§ What the task requires:
Scan the records for lines with the word "otherwise", and copy every such line.

(Dataset records)

%%

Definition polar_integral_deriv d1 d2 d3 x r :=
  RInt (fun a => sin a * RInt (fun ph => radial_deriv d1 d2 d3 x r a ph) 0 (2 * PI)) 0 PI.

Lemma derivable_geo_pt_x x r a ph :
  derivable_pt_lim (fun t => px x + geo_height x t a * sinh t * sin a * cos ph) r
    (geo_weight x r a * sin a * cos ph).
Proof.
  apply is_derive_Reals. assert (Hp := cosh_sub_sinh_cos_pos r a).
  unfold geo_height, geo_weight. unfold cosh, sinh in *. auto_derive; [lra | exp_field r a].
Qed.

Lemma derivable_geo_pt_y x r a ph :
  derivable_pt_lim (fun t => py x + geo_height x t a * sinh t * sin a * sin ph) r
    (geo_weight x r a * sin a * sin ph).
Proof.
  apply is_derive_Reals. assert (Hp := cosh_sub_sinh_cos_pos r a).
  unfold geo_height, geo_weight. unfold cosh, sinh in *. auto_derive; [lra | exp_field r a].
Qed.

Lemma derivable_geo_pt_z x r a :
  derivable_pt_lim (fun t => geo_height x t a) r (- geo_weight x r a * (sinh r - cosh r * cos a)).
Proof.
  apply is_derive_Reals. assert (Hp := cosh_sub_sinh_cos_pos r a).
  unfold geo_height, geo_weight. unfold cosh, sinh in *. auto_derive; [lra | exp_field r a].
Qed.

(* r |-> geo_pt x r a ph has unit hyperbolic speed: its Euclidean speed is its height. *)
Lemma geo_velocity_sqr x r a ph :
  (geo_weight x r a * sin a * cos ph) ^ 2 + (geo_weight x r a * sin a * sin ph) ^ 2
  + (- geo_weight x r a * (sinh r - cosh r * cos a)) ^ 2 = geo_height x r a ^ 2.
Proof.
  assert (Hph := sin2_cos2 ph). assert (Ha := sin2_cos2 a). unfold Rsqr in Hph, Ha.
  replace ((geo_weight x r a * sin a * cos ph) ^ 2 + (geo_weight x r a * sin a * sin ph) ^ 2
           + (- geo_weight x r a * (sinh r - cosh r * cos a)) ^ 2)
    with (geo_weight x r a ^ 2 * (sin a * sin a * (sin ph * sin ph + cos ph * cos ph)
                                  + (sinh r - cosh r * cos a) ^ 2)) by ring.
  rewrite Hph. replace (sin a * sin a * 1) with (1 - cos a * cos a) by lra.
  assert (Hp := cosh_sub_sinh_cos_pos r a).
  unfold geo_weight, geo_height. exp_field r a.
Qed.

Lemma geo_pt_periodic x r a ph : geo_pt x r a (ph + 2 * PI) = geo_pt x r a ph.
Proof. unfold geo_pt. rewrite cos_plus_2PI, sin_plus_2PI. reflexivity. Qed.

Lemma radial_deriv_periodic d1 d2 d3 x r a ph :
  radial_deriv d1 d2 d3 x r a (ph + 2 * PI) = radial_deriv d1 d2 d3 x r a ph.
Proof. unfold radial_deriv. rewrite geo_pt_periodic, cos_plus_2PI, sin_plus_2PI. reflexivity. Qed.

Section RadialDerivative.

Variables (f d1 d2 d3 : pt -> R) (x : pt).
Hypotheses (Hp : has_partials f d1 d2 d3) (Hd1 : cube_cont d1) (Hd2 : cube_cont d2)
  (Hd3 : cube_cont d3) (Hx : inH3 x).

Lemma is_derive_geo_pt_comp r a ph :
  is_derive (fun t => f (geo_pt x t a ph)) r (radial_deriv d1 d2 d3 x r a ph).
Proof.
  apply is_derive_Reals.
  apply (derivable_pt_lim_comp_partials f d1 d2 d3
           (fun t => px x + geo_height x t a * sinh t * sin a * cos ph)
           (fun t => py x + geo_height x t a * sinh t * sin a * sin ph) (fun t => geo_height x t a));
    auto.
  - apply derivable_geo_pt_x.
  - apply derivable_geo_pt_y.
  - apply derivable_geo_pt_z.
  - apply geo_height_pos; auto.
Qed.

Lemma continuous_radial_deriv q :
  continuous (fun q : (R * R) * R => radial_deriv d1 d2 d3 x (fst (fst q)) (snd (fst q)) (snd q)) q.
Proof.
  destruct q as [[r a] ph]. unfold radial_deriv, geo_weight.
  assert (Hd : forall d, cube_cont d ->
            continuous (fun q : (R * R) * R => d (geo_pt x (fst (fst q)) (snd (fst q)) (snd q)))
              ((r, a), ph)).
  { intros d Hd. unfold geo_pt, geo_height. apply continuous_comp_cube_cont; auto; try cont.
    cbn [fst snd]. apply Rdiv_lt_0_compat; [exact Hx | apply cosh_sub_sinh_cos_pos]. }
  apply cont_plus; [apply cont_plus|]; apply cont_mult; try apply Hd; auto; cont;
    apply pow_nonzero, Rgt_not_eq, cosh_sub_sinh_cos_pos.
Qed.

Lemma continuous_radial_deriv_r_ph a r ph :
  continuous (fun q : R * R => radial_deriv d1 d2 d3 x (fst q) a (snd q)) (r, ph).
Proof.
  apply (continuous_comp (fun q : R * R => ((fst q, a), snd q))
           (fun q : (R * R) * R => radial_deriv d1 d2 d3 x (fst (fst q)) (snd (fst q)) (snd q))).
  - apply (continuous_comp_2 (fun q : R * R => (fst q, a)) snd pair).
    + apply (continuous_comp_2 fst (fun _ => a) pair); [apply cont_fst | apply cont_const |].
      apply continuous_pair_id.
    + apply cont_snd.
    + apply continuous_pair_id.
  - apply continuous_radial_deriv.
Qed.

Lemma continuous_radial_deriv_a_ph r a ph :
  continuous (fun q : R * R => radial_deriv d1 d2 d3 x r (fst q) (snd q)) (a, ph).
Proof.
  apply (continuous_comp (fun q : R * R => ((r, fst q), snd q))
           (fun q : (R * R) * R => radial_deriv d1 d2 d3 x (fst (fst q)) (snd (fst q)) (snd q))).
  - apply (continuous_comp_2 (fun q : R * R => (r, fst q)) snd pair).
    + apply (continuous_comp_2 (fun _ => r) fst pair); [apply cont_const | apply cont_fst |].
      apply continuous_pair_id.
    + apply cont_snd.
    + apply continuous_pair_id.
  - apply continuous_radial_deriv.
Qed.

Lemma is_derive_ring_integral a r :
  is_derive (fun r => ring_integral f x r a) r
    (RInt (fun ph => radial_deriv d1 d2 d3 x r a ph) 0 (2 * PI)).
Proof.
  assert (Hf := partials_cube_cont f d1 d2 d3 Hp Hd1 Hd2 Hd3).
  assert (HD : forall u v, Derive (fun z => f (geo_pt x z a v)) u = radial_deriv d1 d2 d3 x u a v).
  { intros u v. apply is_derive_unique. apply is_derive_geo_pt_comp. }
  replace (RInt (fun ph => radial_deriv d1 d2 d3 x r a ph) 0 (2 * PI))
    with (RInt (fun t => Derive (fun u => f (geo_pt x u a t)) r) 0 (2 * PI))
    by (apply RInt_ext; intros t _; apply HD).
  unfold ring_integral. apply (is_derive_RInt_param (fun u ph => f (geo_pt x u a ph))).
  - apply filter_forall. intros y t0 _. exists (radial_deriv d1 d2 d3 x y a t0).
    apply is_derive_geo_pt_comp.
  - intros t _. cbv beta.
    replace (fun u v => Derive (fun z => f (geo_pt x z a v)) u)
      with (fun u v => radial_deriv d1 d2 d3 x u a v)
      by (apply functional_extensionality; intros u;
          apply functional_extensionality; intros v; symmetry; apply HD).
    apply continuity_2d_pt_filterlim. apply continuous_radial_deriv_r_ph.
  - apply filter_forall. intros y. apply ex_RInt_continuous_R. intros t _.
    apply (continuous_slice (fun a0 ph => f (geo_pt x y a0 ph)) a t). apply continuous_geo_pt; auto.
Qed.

%%
%%

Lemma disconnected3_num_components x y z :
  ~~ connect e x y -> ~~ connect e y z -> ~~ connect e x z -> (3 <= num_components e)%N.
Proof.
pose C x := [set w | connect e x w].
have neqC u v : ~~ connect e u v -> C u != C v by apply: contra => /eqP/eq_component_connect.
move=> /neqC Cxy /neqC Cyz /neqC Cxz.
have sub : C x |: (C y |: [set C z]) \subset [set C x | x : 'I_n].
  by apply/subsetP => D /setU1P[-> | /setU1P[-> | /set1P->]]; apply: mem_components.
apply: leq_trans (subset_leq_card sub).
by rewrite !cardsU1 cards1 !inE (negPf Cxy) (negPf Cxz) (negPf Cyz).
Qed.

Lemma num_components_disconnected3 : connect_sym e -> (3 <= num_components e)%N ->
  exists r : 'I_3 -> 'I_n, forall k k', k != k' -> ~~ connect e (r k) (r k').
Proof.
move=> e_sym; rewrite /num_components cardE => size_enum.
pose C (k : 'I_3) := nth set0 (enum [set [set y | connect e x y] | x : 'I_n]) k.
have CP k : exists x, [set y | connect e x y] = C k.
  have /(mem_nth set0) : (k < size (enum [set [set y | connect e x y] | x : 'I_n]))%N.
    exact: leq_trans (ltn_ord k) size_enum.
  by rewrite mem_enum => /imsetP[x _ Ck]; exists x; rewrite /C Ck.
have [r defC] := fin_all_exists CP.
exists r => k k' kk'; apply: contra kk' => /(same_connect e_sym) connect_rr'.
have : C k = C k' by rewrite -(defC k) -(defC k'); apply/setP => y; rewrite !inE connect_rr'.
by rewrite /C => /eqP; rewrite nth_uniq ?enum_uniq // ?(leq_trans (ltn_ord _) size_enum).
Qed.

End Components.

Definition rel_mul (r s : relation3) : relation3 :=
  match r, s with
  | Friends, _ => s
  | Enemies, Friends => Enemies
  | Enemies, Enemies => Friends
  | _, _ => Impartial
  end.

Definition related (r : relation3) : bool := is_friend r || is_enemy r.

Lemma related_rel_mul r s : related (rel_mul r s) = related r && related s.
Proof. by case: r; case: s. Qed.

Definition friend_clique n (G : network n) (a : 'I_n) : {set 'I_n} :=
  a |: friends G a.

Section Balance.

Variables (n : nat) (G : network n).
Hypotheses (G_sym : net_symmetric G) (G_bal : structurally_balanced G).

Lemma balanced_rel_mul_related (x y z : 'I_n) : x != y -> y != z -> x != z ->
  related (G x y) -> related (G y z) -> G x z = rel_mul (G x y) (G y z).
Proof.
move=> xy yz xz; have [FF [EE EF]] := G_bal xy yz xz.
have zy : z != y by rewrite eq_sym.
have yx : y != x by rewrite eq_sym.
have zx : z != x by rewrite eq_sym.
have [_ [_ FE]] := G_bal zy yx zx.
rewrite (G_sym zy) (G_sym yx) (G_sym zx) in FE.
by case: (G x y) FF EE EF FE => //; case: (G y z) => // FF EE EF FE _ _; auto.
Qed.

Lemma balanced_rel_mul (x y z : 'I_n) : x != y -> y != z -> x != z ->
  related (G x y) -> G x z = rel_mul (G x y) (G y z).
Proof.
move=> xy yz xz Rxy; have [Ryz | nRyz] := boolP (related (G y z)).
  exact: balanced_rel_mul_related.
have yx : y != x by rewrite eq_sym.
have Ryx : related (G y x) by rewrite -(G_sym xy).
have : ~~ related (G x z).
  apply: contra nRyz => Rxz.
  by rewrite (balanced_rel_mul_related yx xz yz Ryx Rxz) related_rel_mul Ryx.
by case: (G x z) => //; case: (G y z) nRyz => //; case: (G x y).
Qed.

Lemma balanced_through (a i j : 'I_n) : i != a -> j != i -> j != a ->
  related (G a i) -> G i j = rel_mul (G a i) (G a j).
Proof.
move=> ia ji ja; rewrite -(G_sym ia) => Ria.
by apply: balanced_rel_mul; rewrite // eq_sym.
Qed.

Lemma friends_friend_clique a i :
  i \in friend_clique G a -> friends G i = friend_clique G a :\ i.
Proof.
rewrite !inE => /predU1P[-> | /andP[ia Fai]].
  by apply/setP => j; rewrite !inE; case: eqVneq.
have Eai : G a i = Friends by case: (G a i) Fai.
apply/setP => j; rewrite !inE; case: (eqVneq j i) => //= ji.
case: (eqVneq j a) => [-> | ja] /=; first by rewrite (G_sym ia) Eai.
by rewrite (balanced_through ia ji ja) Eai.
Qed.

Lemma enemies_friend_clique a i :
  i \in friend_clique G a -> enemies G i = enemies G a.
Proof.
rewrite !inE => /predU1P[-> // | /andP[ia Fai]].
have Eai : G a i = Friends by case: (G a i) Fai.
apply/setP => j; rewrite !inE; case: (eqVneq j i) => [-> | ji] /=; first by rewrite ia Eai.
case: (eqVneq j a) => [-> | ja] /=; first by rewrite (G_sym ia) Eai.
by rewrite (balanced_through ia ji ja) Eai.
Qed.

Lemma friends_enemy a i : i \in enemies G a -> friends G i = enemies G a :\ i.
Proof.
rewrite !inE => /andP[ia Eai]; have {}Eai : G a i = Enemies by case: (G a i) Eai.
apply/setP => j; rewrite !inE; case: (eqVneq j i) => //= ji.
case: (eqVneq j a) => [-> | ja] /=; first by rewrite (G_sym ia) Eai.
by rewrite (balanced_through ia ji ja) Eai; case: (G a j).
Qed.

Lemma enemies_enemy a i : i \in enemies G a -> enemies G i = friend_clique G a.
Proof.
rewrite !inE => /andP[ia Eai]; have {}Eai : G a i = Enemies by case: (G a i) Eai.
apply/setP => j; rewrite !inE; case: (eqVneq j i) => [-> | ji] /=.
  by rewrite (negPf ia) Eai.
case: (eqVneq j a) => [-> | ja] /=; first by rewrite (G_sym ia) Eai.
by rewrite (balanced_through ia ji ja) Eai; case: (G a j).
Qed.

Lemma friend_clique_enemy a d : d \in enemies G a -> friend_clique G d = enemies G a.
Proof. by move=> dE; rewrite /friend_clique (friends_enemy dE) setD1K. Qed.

%%
%%

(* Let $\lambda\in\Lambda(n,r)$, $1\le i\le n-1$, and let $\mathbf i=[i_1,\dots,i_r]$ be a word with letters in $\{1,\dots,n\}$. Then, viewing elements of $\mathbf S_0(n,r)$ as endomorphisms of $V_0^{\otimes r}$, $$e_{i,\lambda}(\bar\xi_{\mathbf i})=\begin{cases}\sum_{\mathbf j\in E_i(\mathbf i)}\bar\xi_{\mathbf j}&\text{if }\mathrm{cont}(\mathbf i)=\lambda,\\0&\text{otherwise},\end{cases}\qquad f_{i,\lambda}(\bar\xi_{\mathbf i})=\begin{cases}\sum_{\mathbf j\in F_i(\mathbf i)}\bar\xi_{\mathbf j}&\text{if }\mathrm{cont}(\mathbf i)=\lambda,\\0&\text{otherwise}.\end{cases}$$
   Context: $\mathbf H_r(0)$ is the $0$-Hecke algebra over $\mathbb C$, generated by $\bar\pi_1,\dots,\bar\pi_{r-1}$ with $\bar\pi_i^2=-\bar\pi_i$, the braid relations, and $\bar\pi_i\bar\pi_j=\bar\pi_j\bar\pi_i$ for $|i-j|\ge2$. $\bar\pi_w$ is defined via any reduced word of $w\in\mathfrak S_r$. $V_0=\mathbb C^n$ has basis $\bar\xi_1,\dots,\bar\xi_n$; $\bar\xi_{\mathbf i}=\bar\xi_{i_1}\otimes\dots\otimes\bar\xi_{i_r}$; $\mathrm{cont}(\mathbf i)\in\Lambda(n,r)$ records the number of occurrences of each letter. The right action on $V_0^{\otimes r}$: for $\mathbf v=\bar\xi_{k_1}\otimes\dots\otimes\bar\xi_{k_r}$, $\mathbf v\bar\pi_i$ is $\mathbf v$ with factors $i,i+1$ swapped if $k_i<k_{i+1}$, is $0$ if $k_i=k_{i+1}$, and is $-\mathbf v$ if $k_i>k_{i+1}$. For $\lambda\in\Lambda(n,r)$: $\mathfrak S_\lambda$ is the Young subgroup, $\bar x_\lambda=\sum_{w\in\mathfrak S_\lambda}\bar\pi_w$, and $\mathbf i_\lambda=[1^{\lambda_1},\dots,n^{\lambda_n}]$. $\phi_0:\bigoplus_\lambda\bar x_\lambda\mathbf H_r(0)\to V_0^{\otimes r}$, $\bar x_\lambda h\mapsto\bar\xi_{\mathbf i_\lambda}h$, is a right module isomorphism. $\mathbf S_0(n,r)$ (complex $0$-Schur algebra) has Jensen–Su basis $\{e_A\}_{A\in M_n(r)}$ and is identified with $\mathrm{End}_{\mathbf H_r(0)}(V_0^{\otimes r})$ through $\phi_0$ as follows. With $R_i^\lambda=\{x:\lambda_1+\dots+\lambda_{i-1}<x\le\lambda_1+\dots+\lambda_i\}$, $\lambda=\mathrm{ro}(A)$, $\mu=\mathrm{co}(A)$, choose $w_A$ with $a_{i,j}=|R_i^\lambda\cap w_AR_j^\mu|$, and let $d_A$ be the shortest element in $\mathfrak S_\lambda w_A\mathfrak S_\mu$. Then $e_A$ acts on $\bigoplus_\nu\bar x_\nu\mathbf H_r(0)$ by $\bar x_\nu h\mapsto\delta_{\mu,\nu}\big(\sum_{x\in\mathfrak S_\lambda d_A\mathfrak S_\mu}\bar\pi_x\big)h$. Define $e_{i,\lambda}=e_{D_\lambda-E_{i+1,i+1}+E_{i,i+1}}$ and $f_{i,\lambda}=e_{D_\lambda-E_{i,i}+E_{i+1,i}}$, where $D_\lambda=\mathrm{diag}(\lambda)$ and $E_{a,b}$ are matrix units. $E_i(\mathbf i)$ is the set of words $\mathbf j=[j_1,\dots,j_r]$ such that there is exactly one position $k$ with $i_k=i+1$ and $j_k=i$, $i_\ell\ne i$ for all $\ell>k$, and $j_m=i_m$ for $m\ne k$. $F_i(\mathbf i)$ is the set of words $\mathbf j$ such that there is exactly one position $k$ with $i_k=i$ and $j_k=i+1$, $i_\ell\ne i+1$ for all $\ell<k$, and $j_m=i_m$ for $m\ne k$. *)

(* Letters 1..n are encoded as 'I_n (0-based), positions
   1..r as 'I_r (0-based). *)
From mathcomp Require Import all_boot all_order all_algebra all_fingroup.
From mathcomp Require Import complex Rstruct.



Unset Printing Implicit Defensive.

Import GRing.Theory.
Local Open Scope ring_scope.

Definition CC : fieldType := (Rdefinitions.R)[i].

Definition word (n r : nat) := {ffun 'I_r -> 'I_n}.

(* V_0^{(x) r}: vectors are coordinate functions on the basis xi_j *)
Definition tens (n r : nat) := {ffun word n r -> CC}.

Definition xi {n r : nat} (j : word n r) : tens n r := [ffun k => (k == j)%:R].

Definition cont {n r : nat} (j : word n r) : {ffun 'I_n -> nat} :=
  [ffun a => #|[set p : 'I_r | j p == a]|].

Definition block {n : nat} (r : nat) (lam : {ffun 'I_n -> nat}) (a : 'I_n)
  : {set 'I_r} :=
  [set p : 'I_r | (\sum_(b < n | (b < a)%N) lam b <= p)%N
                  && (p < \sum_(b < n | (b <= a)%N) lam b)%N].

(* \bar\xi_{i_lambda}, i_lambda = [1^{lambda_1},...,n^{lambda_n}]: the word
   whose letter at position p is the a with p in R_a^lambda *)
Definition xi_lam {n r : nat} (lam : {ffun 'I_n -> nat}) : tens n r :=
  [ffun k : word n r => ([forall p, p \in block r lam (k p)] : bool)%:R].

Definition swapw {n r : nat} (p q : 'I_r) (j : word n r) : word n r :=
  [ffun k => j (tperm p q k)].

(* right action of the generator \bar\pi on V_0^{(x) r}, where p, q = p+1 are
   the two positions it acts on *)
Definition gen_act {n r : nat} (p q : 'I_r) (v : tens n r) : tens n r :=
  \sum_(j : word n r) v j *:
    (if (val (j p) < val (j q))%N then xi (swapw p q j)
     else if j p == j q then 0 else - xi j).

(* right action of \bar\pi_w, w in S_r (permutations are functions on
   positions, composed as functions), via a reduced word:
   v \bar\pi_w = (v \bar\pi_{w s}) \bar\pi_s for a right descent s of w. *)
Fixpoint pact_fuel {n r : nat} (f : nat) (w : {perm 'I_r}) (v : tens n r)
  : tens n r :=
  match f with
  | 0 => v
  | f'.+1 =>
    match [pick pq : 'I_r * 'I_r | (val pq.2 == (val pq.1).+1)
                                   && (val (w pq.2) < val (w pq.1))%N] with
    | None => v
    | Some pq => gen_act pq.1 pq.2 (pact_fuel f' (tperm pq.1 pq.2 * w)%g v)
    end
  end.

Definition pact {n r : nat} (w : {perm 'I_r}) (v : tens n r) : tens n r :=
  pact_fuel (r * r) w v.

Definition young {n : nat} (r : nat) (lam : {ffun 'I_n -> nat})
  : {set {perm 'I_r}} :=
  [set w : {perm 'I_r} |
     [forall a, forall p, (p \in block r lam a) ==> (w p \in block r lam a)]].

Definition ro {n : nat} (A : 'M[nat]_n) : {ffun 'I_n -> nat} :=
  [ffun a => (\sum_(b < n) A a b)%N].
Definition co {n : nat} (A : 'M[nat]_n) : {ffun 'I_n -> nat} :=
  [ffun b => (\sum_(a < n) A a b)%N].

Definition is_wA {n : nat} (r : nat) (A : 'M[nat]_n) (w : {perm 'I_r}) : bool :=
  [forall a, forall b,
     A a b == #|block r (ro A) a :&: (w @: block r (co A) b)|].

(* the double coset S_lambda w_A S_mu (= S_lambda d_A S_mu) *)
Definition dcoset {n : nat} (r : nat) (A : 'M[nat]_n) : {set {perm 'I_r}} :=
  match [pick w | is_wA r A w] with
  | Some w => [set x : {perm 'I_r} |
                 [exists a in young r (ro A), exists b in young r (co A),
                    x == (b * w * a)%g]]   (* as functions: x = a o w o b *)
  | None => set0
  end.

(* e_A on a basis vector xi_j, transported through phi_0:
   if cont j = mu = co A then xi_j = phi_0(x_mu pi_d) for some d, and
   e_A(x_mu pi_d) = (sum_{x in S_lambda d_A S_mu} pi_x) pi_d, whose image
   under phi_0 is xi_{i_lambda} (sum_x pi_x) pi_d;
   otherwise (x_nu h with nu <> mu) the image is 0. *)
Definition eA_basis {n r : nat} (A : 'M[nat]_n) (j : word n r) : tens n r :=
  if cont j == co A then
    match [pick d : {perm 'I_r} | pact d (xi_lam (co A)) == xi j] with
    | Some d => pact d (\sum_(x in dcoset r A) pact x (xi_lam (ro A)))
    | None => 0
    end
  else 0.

%%

§ Solved exercise:
(* Let $\lambda\in\Lambda(n,r)$, $1\le i\le n-1$, and let $\mathbf i=[i_1,\dots,i_r]$ be a word with letters in $\{1,\dots,n\}$. Then, viewing elements of $\mathbf S_0(n,r)$ as endomorphisms of $V_0^{\otimes r}$, $$e_{i,\lambda}(\bar\xi_{\mathbf i})=\begin{cases}\sum_{\mathbf j\in E_i(\mathbf i)}\bar\xi_{\mathbf j}&\text{if }\mathrm{cont}(\mathbf i)=\lambda,\\0&\text{otherwise},\end{cases}\qquad f_{i,\lambda}(\bar\xi_{\mathbf i})=\begin{cases}\sum_{\mathbf j\in F_i(\mathbf i)}\bar\xi_{\mathbf j}&\text{if }\mathrm{cont}(\mathbf i)=\lambda,\\0&\text{otherwise}.\end{cases}$$
   otherwise (x_nu h with nu <> mu) the image is 0. *)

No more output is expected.